If you have a PAYE job paying £30,000, your personal allowance is fully allocated to that employment. Your employer handles your tax code and deducts the correct tax through PAYE. If you then pay yourself a £12,570 salary from your limited company, you trigger income tax on every pound of that salary because your personal allowance is already used.
You also trigger employee NI (8% on earnings above the primary threshold) and employer NI (13.8% on earnings above the secondary threshold). That £12,570 salary costs your company around £13,700 after employer NI, and you personally pay around £2,500 in income tax and employee NI. You have turned a tax-efficient strategy into an expensive mistake.
The Correct Approach: Salary at the NI Threshold, Dividends for the Rest
When you have a separate PAYE job, the most efficient approach is to set your director salary at the National Insurance secondary threshold, which is £9,100 for 2025/26. Here is why.
Below £9,100, no employer NI is due. Below the primary threshold (£12,570), no employee NI is due. But because your personal allowance is used by your job, you pay income tax on that salary at your marginal rate (20% if you are a basic rate taxpayer, 40% if higher rate).
The key point is that the income tax cost of a £9,100 salary is £1,820 (20% of £9,100) if you are a basic rate taxpayer, or £3,640 (40%) if higher rate. But that salary is a deductible expense for your company, saving corporation tax at 19% or 25% depending on your profit level. The net cost to you and your company combined is often lower than the alternative.
More importantly, a salary at the secondary threshold preserves your entitlement to state pension and certain benefits.
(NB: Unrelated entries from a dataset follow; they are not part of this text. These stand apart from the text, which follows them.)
Lemma binq_succr n k : binq n k.+1 = (n%:R - k%:R) / k.+1%:R * binq n k.
Proof.
have nz : k.+1%:R != 0 :> rat by rewrite pnatr_eq0.
apply: (mulfI nz); rewrite mulrA mulrCA divff // mulr1 /binq -natrM mul_bin_left natrM.
by have [le_kn|lt_nk] := leqP k n; [rewrite natrB | rewrite bin_small // !mulr0].
Qed.

Lemma binq_predl n k : binq n k.+1 = (n%:R - k%:R) / n.+1%:R * binq n.+1 k.+1.
Proof.
have nz : n.+1%:R != 0 :> rat by rewrite pnatr_eq0.
apply: (mulfI nz); rewrite mulrA mulrCA divff // mulr1 /binq -natrM.
rewrite [(n.+1 * _)%N]mul_bin_down natrM.
have [le_kn|lt_nk] := leqP k n; first by rewrite subSS natrB.
by rewrite (@bin_small n.+1 k.+1) // !mulr0.
Qed.

Lemma addq_nat_neq0 (x : rat) n : 0 < x -> x + n%:R != 0.
Proof. by move=> x_gt0; rewrite lt0r_neq0 // ltr_wpDr. Qed.

Lemma binq_succl n k : (k < n)%N ->
  binq n.+1 k.+1 = n.+1%:R / (n - k)%:R * binq n k.+1.
Proof.
move=> lt_kn; have nz : (n - k)%:R != 0 :> rat by rewrite pnatr_eq0 subn_eq0 -ltnNge.
apply: (mulfI nz); rewrite mulrA mulrCA divff // mulr1 (binq_predl n k) natrB 1?ltnW //.
by field; rewrite addq_nat_neq0.
Qed.

Lemma binq_central k :
  binq (2 * k.+1) k.+1 = 2 * (2 * k%:R + 1) / k.+1%:R * binq (2 * k) k.
Proof.
have sym : binq (2 * k).+1 k = binq (2 * k).+1 k.+1.
  by rewrite /binq -bin_sub; [congr ('C(_, _))%:R | ]; lia.
rewrite (_ : 2 * k.+1 = (2 * k).+2)%N; last by lia.
rewrite binq_succ sym binq_succ -!natr1 natrM.
by field; rewrite natr1 pnatr_eq0.
Qed.

Definition apery_a_term (n k : nat) : rat := binq n k ^+ 2 * binq (n + k) k.

(* Certificates produced by Zeilberger's algorithm. *)
Definition apery_a_cert (m k : nat) : rat :=
  if k is j.+1 then
    (j.+1%:R ^+ 2 + (6 * m.+1%:R + 1) * j.+1%:R - m.+2%:R * (11 * m.+1%:R + 4))
    * binq m.+1 j ^+ 2 * binq (m.+1 + j) j
  else 0.

Lemma apery_a_certP m k :
  m.+2%:R ^+ 2 * apery_a_term m.+2 k + (- (11 * m.+1%:R * m.+2%:R + 3)) * apery_a_term m.+1 k
  + (- m.+1%:R ^+ 2) * apery_a_term m k = apery_a_cert m k.+1 - apery_a_cert m k.
Proof.
rewrite /apery_a_term /apery_a_cert; case: k => [|j].
  by rewrite /binq !bin0 subr0; ring.
rewrite !addSn !addnS.
rewrite (binq_predl m j) (binq_succ m.+1 j) (binq_succr m.+1 j).
have lt_j : (j < (m + j).+2)%N by lia.
rewrite (binq_succl lt_j) (binq_succ (m + j).+1 j) (binq_succr (m + j).+1 j).
rewrite (_ : ((m + j).+2 - j = m.+2)%N); last by lia.
by field; rewrite !addq_nat_neq0.
Qed.

Lemma apery_a_sumq n : (apery_a n)%:R = \sum_(0 <= k < n.+1) apery_a_term n k.
Proof. by rewrite natr_sum; apply: eq_bigr => k _; rewrite natrM natrX. Qed.

Lemma apery_a_rec m : (m.+2 ^ 2 * apery_a m.+2
  = (11 * m.+1 * m.+2 + 3) * apery_a m.+1 + m.+1 ^ 2 * apery_a m)%N.
Proof.
apply/eqP; rewrite -(eqr_nat rat) -subr_eq0 !(natrD, natrM, natrX) !apery_a_sumq.
apply/eqP; rewrite -[RHS](creative_telescoping _ (apery_a_certP m)) //; first by ring.
by move=> n k lt_nk; rewrite /apery_a_term /binq bin_small // expr0n mul0r.
by rewrite /apery_a_cert /binq bin_small // expr0n mulr0 mul0r.
Qed.

Definition seq_b_term (n k : nat) : rat := binq n k ^+ 2 * binq (2 * k) k.

Definition seq_b_cert (m k : nat) : rat :=
  if k is j.+1 then
    j.+1%:R * (3 * j%:R - 4 * m.+1%:R - 1) * binq m.+1 j ^+ 2 * binq (2 * j.+1) j.+1
  else 0.

Lemma seq_b_certP m k :
  m.+2%:R ^+ 2 * seq_b_term m.+2 k + (- (10 * m.+1%:R * m.+2%:R + 3)) * seq_b_term m.+1 k
  + 9 * m.+1%:R ^+ 2 * seq_b_term m k = seq_b_cert m k.+1 - seq_b_cert m k.
Proof.
rewrite /seq_b_term /seq_b_cert; case: k => [|j].
  by rewrite /binq !bin0 subr0 (_ : 'C(2 * 1, 1) = 2)%N //; ring.
rewrite (binq_predl m j) (binq_succ m.+1 j) (binq_succr m.+1 j) (binq_central j.+1).
by field; rewrite !addq_nat_neq0.
Qed.

Lemma seq_b_sumq n : (seq_b n)%:R = \sum_(0 <= k < n.+1) seq_b_term n k.
Proof. by rewrite natr_sum; apply: eq_bigr => k _; rewrite natrM natrX. Qed.

Lemma seq_b_rec m : (m.+2 ^ 2 * seq_b m.+2 + 9 * m.+1 ^ 2 * seq_b m
  = (10 * m.+1 * m.+2 + 3) * seq_b m.+1)%N.
Proof.
apply/eqP; rewrite -(eqr_nat rat) -subr_eq0 !(natrD, natrM, natrX) !seq_b_sumq.
apply/eqP; rewrite -[RHS](creative_telescoping _ (seq_b_certP m)) //; first by ring.
by move=> n k lt_nk; rewrite /seq_b_term /binq bin_small // expr0n mul0r.
by rewrite /seq_b_cert /binq bin_small // expr0n mulr0 mul0r.
Qed.

Lemma apery_a_recF (R : comRingType) n :
  apery_rec 11 3 1 (fun k => (apery_a k)%:R : R) n.
Proof.
rewrite /apery_rec; case: n => [|m] /=.
  have [-> ->] : (apery_a 0 = 1 /\ apery_a 1 = 3)%N by rewrite /apery_a unlock.
  ring.
have := congr1 (fun x : nat => x%:R : R) (apery_a_rec m).
by rewrite /= !(natrD, natrM, natrX) => ->; ring.
Qed.

Lemma seq_b_recF (R : comRingType) n :
  apery_rec 10 3 (-9) (fun k => (seq_b k)%:R : R) n.
Proof.
rewrite /apery_rec; case: n => [|m] /=.
  have [-> ->] : (seq_b 0 = 1 /\ seq_b 1 = 3)%N by rewrite /seq_b unlock.
  ring.
have := congr1 (fun x : nat => x%:R : R) (seq_b_rec m).
rewrite /= !(natrD, natrM, natrX) => rec_b.
by apply: (addIr (9 * m.+1%:R ^+ 2 * (seq_b m)%:R)); rewrite rec_b; ring.
Qed.

Section PcharValues.
Variables (F : fieldType) (p : nat).
Hypothesis pF : p \in [pchar F].

Lemma bin_pchar_pred k : (k < p)%N -> 'C(p - 1, k)%:R = (-1) ^+ k :> F.
Proof.
move=> kp; have := bin_pchar_reflect pF (prime_gt0 (pcharf_prime pF)) kp.
by rewrite subn0 add0n binn mulr1.
Qed.

Lemma bin_pchar_pred_add k : (0 < k < p)%N -> 'C(p - 1 + k, k)%:R = 0 :> F.
Proof.
case/andP=> k_gt0 kp; have lt_p1p : (p - 1 < p)%N by lia.
have := bin_pchar_reflect pF lt_p1p kp.
by rewrite subnn bin0n eqn0Ngt k_gt0 => /esym/eqP; rewrite mulf_eq0 signr_eq0 => /eqP.
Qed.

Lemma apery_a_pred_pchar : (apery_a (p - 1))%:R = 1 :> F.
Proof.
have p_gt0 := prime_gt0 (pcharf_prime pF); have p1S : (p - 1).+1 = p by lia.
rewrite /apery_a p1S natr_sum big_ltn // bin0 addn0 bin0 big1_seq ?addr0 // => k /andP[_].
by rewrite mem_index_iota natrM => /bin_pchar_pred_add ->; rewrite mulr0.
Qed.

Lemma seq_b_pred_pchar h : h.*2.+1 = p -> (seq_b (p - 1))%:R = (-3) ^+ h :> F.
Proof.
move=> hp; have p_gt0 := prime_gt0 (pcharf_prime pF); have p1S : (p - 1).+1 = p by lia.
transitivity (\sum_(0 <= k < p) (-4) ^+ k * 'C(h, k)%:R : F).
  rewrite /seq_b p1S natr_sum big_nat [RHS]big_nat; apply: eq_bigr => k /andP[_ kp].
  by rewrite natrM natrX bin_pchar_pred // (bin_pchar_central pF hp) // sqrr_sign mul1r.
rewrite -(@sum_widen_zero _ _ h p) => [|| k lt_hk]; [| lia | by rewrite bin_small ?mulr0].
rewrite big_mkord (_ : -3 = -4 + 1 :> F) ?exprD1n; last by ring.
by apply: eq_bigr => k _; rewrite mulr_natr.
Qed.

End PcharValues.

Section PrimeField.
Variable p : nat.
Hypothesis p_pr : prime p.

Lemma eqz_mod_Fp (u v : int) : (u == v %[mod p%:Z])%Z = (u%:~R == v%:~R :> 'F_p).
Proof. by rewrite eqz_mod_dvd (dvdz_pcharf (pchar_Fp p_pr)) rmorphB /= subr_eq0. Qed.

Lemma Fp_fermat (x : 'F_p) : x != 0 -> x ^+ (p - 1) = 1.
Proof.
move=> x_neq0; apply: (mulIf x_neq0); rewrite mul1r -exprSr.
by rewrite (_ : (p - 1).+1 = #|'F_p|) ?expf_card // card_Fp //; have := prime_gt1 p_pr; lia.
Qed.

Lemma Fp_sqr_of_unity_root h (x : 'F_p) : h.*2.+1 = p -> x ^+ h = 1 ->
  exists i : 'I_p, i%:R ^+ 2 = x.
Proof.
move=> hp xh; have pF := pchar_Fp p_pr; have h_gt0 : (0 < h)%N by have := prime_gt1 p_pr; lia.
(* The h squares 1^2, ..., h^2 are distinct h-th roots of unity, hence all of them. *)
pose sqrs := [seq (i%:R : 'F_p) ^+ 2 | i <- iota 1 h].
have sqrs_roots : all h.-unity_root sqrs.
  apply/allP => y /mapP[i]; rewrite mem_iota => /andP[i_gt0 ih] ->.
  apply/unity_rootP; rewrite -exprM mul2n (_ : h.*2 = p - 1)%N ?Fp_fermat //; last by lia.
  by rewrite (natr_pchar_neq0 pF); lia.
have sqrs_uniq : uniq sqrs.
  rewrite map_inj_in_uniq ?iota_uniq // => i j.
  rewrite !mem_iota => /andP[i_gt0 ih] /andP[j_gt0 jh] /eqP.
  rewrite -subr_eq0 subr_sqr mulf_eq0 subr_eq0 -natrD (negbTE (natr_pchar_neq0 pF _)); last by lia.
  by rewrite orbF => /eqP /(congr1 (@nat_of_ord _)); rewrite !val_Fp_nat // !modn_small //; lia.
have size_sqrs : size sqrs = h by rewrite size_map size_iota.
have /mapP[i] : x \in sqrs.
  by rewrite -(mem_unity_roots h_gt0 sqrs_roots sqrs_uniq size_sqrs); apply/unity_rootP.
rewrite mem_iota => /andP[i_gt0 ih] ->.
have ip : (i < p)%N by lia.
by exists (Ordinal ip).
Qed.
It also keeps your payroll simple and avoids the administrative burden of a zero-payroll director.
The Dividend Strategy
Once your salary is set, the remaining profit extraction comes through dividends. Dividends are paid from post-corporation-tax profits and are taxed at 8.75% (basic rate), 33.75% (higher rate), or 39.35% (additional rate).
Your dividend tax rate depends on your total income including your employment salary, your director salary, and the dividends themselves. The dividend allowance is £500 for 2025/26, meaning the first £500 of dividends is tax-free. Above that, you pay the rate corresponding to your income tax band.
Here is a worked example. You earn £40,000 from your PAYE job. Your limited company makes £50,000 profit after all other expenses. You take a director salary of £9,100. Your total non-dividend income is £49,100. The basic rate band is £50,270. You have £1,170 of unused basic rate band. You can take up to £1,670 in dividends (including the £500 allowance) at the 8.75% rate. Any dividends above that are taxed at 33.75%.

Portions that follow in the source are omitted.